▸ ENTRIES SHOWN
● ● ● ●

(* Let $X$ satisfy (P1) and (P2), let $\alpha$ be a saddle connection on $X$ which is neither a side nor a diagonal, and let $\alpha_{a+1},\dots,\alpha_{a+r}$ be a maximal run of consecutive adjacent segments in its polygonal decomposition which is not contained in a short cylinder. Then for any three consecutive segments $\alpha_i,\alpha_{i+1},\alpha_{i+2}$ of the run, no two of them lie in the same polygon.
   Context: $X$ is a translation surface obtained from finitely many Euclidean polygons by gluing pairs of parallel sides of equal length by translations, with (P1): each polygon convex with all angles obtuse or right; (P2): no two sides of the same polygon are identified. Saddle connection: straight segment between singularities (images of vertices) with none in its interior; a diagonal is a segment inside a polygon joining two non-adjacent vertices. Polygonal decomposition: cut $\alpha$ each time it passes from one polygon to another, giving consecutive oriented segments $\alpha_1,\dots,\alpha_k$, each in one polygon. A segment in polygon $P$ is adjacent if it goes from the relative interior of a side $e$ of $P$ to the relative interior of a side adjacent to $e$; otherwise non-adjacent. The type of a segment going from the interior of side $e$ to the interior of side $e'$ of the same polygon is $e\to e'$. A maximal run of consecutive adjacent segments is contained in a short cylinder if it has at least two segments and, whenever $\alpha_i$ and $\alpha_{i+2}$ both belong to the run, $\alpha_{i+2}$ has the same type as $\alpha_i$. *)

From Stdlib Require Import Reals Lra Lia List Arith.
Import ListNotations.
Open Scope R_scope.
(* Fix $\alpha,\beta\in(0,1)$ and $c>0$. There exist constants $K,c_1,c_2>0$ depending only on $\alpha,\beta,c$ such that the following holds for the decoupled process with parameters $(G,r,T,\alpha,\beta)$ at any time $t>0$. Let $u,v$ be nodes with $d_G(r,u),d_G(r,v)\le t$, let $w$ be their least common ancestor in $T$ (a common ancestor, possibly $u$ or $v$ itself, of maximal depth), $D=d_T(r,w)$, and $\delta=\max\{d_T(w,u),d_T(w,v)\}$. If $\delta>\beta(t-D)+K(t-D)^{0.5+c}$, then $$\Pr[\mathrm{origin}_t(u)=\mathrm{origin}_t(v)]\le e^{-c_1(t-D)^{c_2}}.$$
   Context: Decoupled process. Fix $\alpha,\beta\in[0,1]$, a connected locally finite undirected graph $G$, root $r$, and a BFS spanning tree $T$ of $G$ rooted at $r$ ($d_T(r,v)=d_G(r,v)$), oriented away from $r$, with parent map $p$. Let $Z_0=+1$, $Z_1,Z_2,\dots$ i.i.d. uniform on $\{-1,+1\}$, $Z_\infty=\bot$. Counter $\mathrm{count}_0=1$; $\mathrm{origin}_0(r)=0$ (and always $0$), $\mathrm{origin}_0(v)=\infty$ for $v\ne r$; $g_t(v)=Z_{\mathrm{origin}_t(v)}$. Update from $t$ to $t+1$ (independent choices): if $g_t(v)=g_t(p(v))=\bot$ then $\mathrm{origin}_{t+1}(v)=\infty$; nodes with $g_t(v)=\bot\ne g_t(p(v))$ are processed sequentially in a fixed order: w.p. $1-\alpha$, $\mathrm{origin}_{t+1}(v)=\mathrm{origin}_t(p(v))$; w.p. $\alpha$, $\mathrm{origin}_{t+1}(v)$ is the current counter value and the counter is then incremented; if $g_t(v)\ne\bot$, $v\ne r$: w.p. $\beta$, $\mathrm{origin}_{t+1}(v)=\mathrm{origin}_t(p(v))$, otherwise unchanged. Nodes $u,v$ are in the same run at time $t$ iff $\mathrm{origin}_t(u)=\mathrm{origin}_t(v)$. *)

From HB Require Import structures.
From mathcomp Require Import all_boot all_order all_algebra.
From mathcomp Require Import reals sequences exp.
Set Implicit Arguments. Unset Strict Implicit. Unset Printing Implicit Defensive.
Import Order.TTheory GRing.Theory Num.Theory.
Local Open Scope ring_scope.

(* A locally finite undirected graph on V is given by finite adjacency
   lists [nbr x]; undirectedness is the symmetry hypothesis [undirected]. *)
Definition undirected (V : eqType) (nbr : V -> seq V) : Prop :=
  forall x y : V, (y \in nbr x) = (x \in nbr y).

Definition adj (V : eqType) (nbr : V -> seq V) : rel V := fun x y => y \in nbr x.

Definition gdist (V : eqType) (nbr : V -> seq V) (r v : V) (n : nat) : Prop :=
  (exists s : seq V, [/\ path (adj nbr) r s, last r s = v & size s = n]) /\
  (forall s : seq V, path (adj nbr) r s -> last r s = v -> (n <= size s)%N).

(* In the tree T given by the parent map p (convention p r = r), a is an
   ancestor of x (possibly x itself). *)
Definition anc (V : eqType) (p : V -> V) (a x : V) : Prop :=
  exists n : nat, iter n p x = a.

Definition tdist (V : eqType) (p : V -> V) (a x : V) (n : nat) : Prop :=
  iter n p x = a /\ (forall m : nat, (m < n)%N -> iter m p x <> a).

Definition bfs_tree (V : eqType) (nbr : V -> seq V) (r : V) (p : V -> V) : Prop :=
  [/\ p r = r,
      (forall v, v != r -> p v \in nbr v) &
      (forall v, exists n, tdist p r v n /\ gdist nbr r v n)].

Definition is_lca (V : eqType) (r : V) (p : V -> V) (u v w : V) : Prop :=
  [/\ anc p w u, anc p w v &
      forall a da dw, anc p a u -> anc p a v -> tdist p r a da -> tdist p r w dw ->
        (da <= dw)%N].

(* origin : V -> option nat, with None = infinity (so g_t(v) = Z_{origin} is
   bot iff origin = None; the +-1 values of Z never influence origins).
   A state is (origin, counter, S) where S lists the nodes with origin <> None. *)
Definition state (V : eqType) := ((V -> option nat) * nat * seq V)%type.

Definition upd (V : eqType) (f : V -> option nat) (v : V) (x : option nat) :=
  fun y => if y == v then x else f y.

Section Process.
Variables (R : realType) (alpha beta : R) (V : eqType)
          (nbr : V -> seq V) (r : V) (p : V -> V) (rank : V -> nat).

(* Process the nodes of L sequentially; o is the (old) origin function at time
   t, acc = (new origin function being built, current counter). Returns the
   weighted list of outcomes. *)
Fixpoint proc (o : V -> option nat) (L : seq V)
    (acc : (V -> option nat) * nat) : seq (R * ((V -> option nat) * nat)) :=
  match L with
  | [::] => [:: (1, acc)]
  | v :: L' =>
    let f := acc.1 in let c := acc.2 in
    if o v == None then
      (* g_t(v) = bot <> g_t(p v) *)
      [seq ((1 - alpha) * ws.1, ws.2) | ws <- proc o L' (upd f v (o (p v)), c)] ++
      [seq (alpha * ws.1, ws.2) | ws <- proc o L' (upd f v (Some c), c.+1)]
    else
      (* g_t(v) <> bot, v <> r *)
      [seq (beta * ws.1, ws.2) | ws <- proc o L' (upd f v (o (p v)), c)] ++
      [seq ((1 - beta) * ws.1, ws.2) | ws <- proc o L' (f, c)]
  end.

Definition newborns (o : V -> option nat) (S : seq V) : seq V :=
  sort (fun x y => (rank x <= rank y)%N)
    (undup [seq y <- flatten (map nbr S) |
            [&& y != r, o y == None & o (p y) != None]]).

Definition step (st : state V) : seq (R * state V) :=
  let: (o, c, Sl) := st in
  let N := newborns o Sl in
  [seq (ws.1, (ws.2.1, ws.2.2, Sl ++ N)) |
     ws <- proc o (N ++ [seq x <- Sl | x != r]) (o, c)].

Definition init_state : state V :=
  (fun v => if v == r then Some 0%N else None, 1%N, [:: r]).

Fixpoint dist (t : nat) : seq (R * state V) :=
  match t with
  | 0 => [:: (1, init_state)]
  | t'.+1 => flatten [seq [seq (ws.1 * ws'.1, ws'.2) | ws' <- step ws.2]
                     | ws <- dist t']
  end.

Definition origin (st : state V) : V -> option nat := st.1.1.

Definition prob (t : nat) (E : state V -> bool) : R :=
  \sum_(ws <- dist t) (if E ws.2 then ws.1 else 0).

End Process.

From Pilot Require Import Defs.
From HB Require Import structures.
From mathcomp Require Import all_boot all_order all_algebra.
From mathcomp Require Import reals sequences exp.
From Stdlib Require List.
From mathcomp Require Import ring lra zify.
Import Order.TTheory GRing.Theory Num.Theory.
Local Open Scope ring_scope.
Set Implicit Arguments. Unset Strict Implicit. Unset Printing Implicit Defensive.

(* Labels created after time D are confined to single subtrees rooted
   at depth D + 1, so a label shared by u and v is "old" (created before time
   D), and it must have travelled down the whole spine from w to the deeper of
   u, v.  Let h be the deepest spine index carrying an old label.  In one
   step h grows by at most one, and only if the next spine node copies its
   parent's label: with probability at most beta behind the labelling
   frontier and at most 1 - alpha at the frontier.  Hence lam ^ h / mu ^ k,
   doubled at the frontier, is a supermartingale for suitable lam >= 1 and
   mu (k = time since D), and Markov's inequality bounds the probability
   that h = delta at time t by 2 mu ^ (t - D) / lam ^ delta.  Choosing
   lam = 1 / (1 - eps) with eps = alpha / (4 sqrt (t - D)) gives the bound. *)

(* Distributions are
   represented, as in [Defs.dist], by lists of (weight, outcome) pairs; the
   outcome type (functions V -> option nat) has no decidable equality, which
   is why membership is the propositional [List.In]. *)
Section Expectation.
Variable R : realType.

Definition Ex (T : Type) (l : seq (R * T)) (G : T -> R) : R :=
  \sum_(ws <- l) ws.1 * G ws.2.

Lemma Ex1 (T : Type) (x : T) (G : T -> R) : Ex [:: (1, x)] G = G x.
Proof. by rewrite /Ex big_seq1 mul1r. Qed.

Lemma Ex_cat T (l1 l2 : seq (R * T)) G : Ex (l1 ++ l2) G = Ex l1 G + Ex l2 G.
Proof. by rewrite /Ex big_cat. Qed.

Lemma Ex_scale T (l : seq (R * T)) a G :
  Ex [seq (a * ws.1, ws.2) | ws <- l] G = a * Ex l G.
Proof. by rewrite /Ex big_map mulr_sumr; apply: eq_bigr => ws _ /=; rewrite mulrA. Qed.

Lemma Ex_bind T U (l : seq (R * T)) (f : T -> seq (R * U)) G :
  Ex (flatten [seq [seq (ws.1 * ws'.1, ws'.2) | ws' <- f ws.2] | ws <- l]) G
  = Ex l (fun x => Ex (f x) G).
Proof.
rewrite /Ex big_flatten big_map; apply: eq_bigr => ws _.
exact: (Ex_scale (f ws.2) ws.1 G).
Qed.

Lemma In_bind T U (l : seq (R * T)) (f : T -> seq (R * U)) ws :
  List.In ws (flatten [seq [seq (w.1 * w'.1, w'.2) | w' <- f w.2] | w <- l]) ->
  exists w w', [/\ List.In w l, List.In w' (f w.2) & ws = (w.1 * w'.1, w'.2)].
Proof.
elim: l => [|w l IH] //= hin; case: (List.in_app_or _ _ _ hin).
  by case/(List.in_map_iff _ _ _) => w' [<- h]; exists w, w'; split => //; left.
by case/IH => w0 [w' [h1 h2 h3]]; exists w0, w'; split => //; right.
Qed.

Lemma In_cat_map T (a b : R) (l1 l2 : seq (R * T)) ws :
  List.In ws ([seq (a * x.1, x.2) | x <- l1] ++ [seq (b * x.1, x.2) | x <- l2]) ->
  exists x, (List.In x l1 /\ ws = (a * x.1, x.2)) \/ (List.In x l2 /\ ws = (b * x.1, x.2)).
Proof.
move=> hin; case: (List.in_app_or _ _ _ hin) => /(List.in_map_iff _ _ _) [x [<- hx]];
  exists x; by [left|right].
Qed.

Lemma ExZ T (l : seq (R * T)) a G : Ex l (fun x => a * G x) = a * Ex l G.
Proof. by rewrite /Ex mulr_sumr; apply: eq_bigr => ws _; rewrite mulrCA. Qed.

Lemma Ex_affine T (l : seq (R * T)) a b G :
  Ex l (fun x => a + b * G x) = a * Ex l (fun _ => 1) + b * Ex l G.
Proof. by rewrite /Ex !mulr_sumr -big_split; apply: eq_bigr => ws _ /=; ring. Qed.

Lemma Ex_const T (l : seq (R * T)) a : Ex l (fun _ => a) = a * Ex l (fun _ => 1).
Proof. by rewrite -ExZ; apply: eq_bigr => ws _; rewrite mulr1. Qed.

Lemma Ex_le T (l : seq (R * T)) G H :
  (forall ws, List.In ws l -> 0 <= ws.1) ->
  (forall ws, List.In ws l -> G ws.2 <= H ws.2) -> Ex l G <= Ex l H.
Proof.
elim: l => [|x l IH] h0 h; first by rewrite /Ex !big_nil.
rewrite /Ex !big_cons; apply: lerD.
  by apply: ler_wpM2l; [apply: h0|apply: h]; left.
by apply: IH => ws hin; [apply: h0|apply: h]; right.
Qed.

Lemma Ex_eq T (l : seq (R * T)) G H :
  (forall ws, List.In ws l -> G ws.2 = H ws.2) -> Ex l G = Ex l H.
Proof.
elim: l => [|x l IH] h; first by rewrite /Ex !big_nil.
rewrite /Ex !big_cons h; last by left.
by congr (_ + _); apply: IH => ws hin; apply: h; right.
Qed.

End Expectation.

Section Kernel.
Variables (R : realType) (alpha beta : R) (V : eqType) (p : V -> V).
Hypothesis ha : 0 <= alpha <= 1.
Hypothesis hb : 0 <= beta <= 1.

Local Notation proc := (proc alpha beta p).

Lemma Ex_proc_cons o v L f c G :
  Ex (proc o (v :: L) (f, c)) G =
  if o v == None then
    (1 - alpha) * Ex (proc o L (upd f v (o (p v)), c)) G +
    alpha * Ex (proc o L (upd f v (Some c), c.+1)) G
  else
    beta * Ex (proc o L (upd f v (o (p v)), c)) G +
    (1 - beta) * Ex (proc o L (f, c)) G.
Proof. by rewrite /=; case: ifP => _; rewrite Ex_cat !Ex_scale. Qed.

Lemma proc_ge0 o L acc ws : List.In ws (proc o L acc) -> 0 <= ws.1.
Proof.
have /andP[a0 a1] := ha; have /andP[b0 b1] := hb.
elim: L acc ws => [|v L IH] [f c] ws /=; first by case=> // <-.
case: ifP => _; move=> /In_cat_map [ws' [[/IH h ->]|[/IH h ->]]] /=;
  apply: mulr_ge0 => //; by rewrite subr_ge0.
Qed.

Lemma proc_sum1 o L acc : Ex (proc o L acc) (fun _ => 1) = 1.
Proof.
elim: L acc => [|v L IH] [f c]; first by rewrite Ex1.
by rewrite Ex_proc_cons !IH !mulr1; case: ifP => _; ring.
Qed.

Lemma proc_notin o L acc y ws :
  y \notin L -> List.In ws (proc o L acc) -> ws.2.1 y = acc.1 y.
Proof.
elim: L acc ws => [|v L IH] [f c] ws /=; first by move=> _ [] // <-.
rewrite inE negb_or => /andP[yv yL].
have hupd x : upd f v x y = f y by rewrite /upd (negbTE yv).
case: ifP => _; move=> /In_cat_map [ws' [[/(IH _ _ yL) h ->]|[/(IH _ _ yL) h ->]]] /=;
  by rewrite h //= ?hupd.
Qed.

Lemma proc_in o L f c y ws : uniq L -> y \in L -> List.In ws (proc o L (f, c)) ->
  if o y == None then ws.2.1 y = o (p y) \/ (exists a, ws.2.1 y = Some a /\ (c <= a)%N)
  else ws.2.1 y = o (p y) \/ ws.2.1 y = f y.
Proof.
elim: L f c ws => [|v L IH] f c ws //= /andP[vL uL].
rewrite inE => /orP[/eqP yv|yL].
  subst y.
  have hn acc ws' : List.In ws' (proc o L acc) -> ws'.2.1 v = acc.1 v.
    exact: proc_notin.
  case: ifP => ov; move=> /In_cat_map [ws' [[/hn h ->]|[/hn h ->]]] /=;
    rewrite h /= ?/upd ?eqxx /=; first [by left | by right; exists c | by right].
have yv : y != v by apply: contraNneq vL => <-.
have hupd x : upd f v x y = f y by rewrite /upd (negbTE yv).
case: ifP => ov; move=> /In_cat_map [ws' [[h ->]|[h ->]]] /=;
  move: (IH _ _ _ uL yL h); rewrite ?hupd //.
case: ifP => // _ [->|[a [-> ca]]]; [by left| by right; exists a; split => //; apply: ltnW].
Qed.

● ● ● ●

▸ REQUIREMENT
Reply by stating only how many lines in the listing hold the word "path".

▸ SOLUTION TO THE EXERCISE
2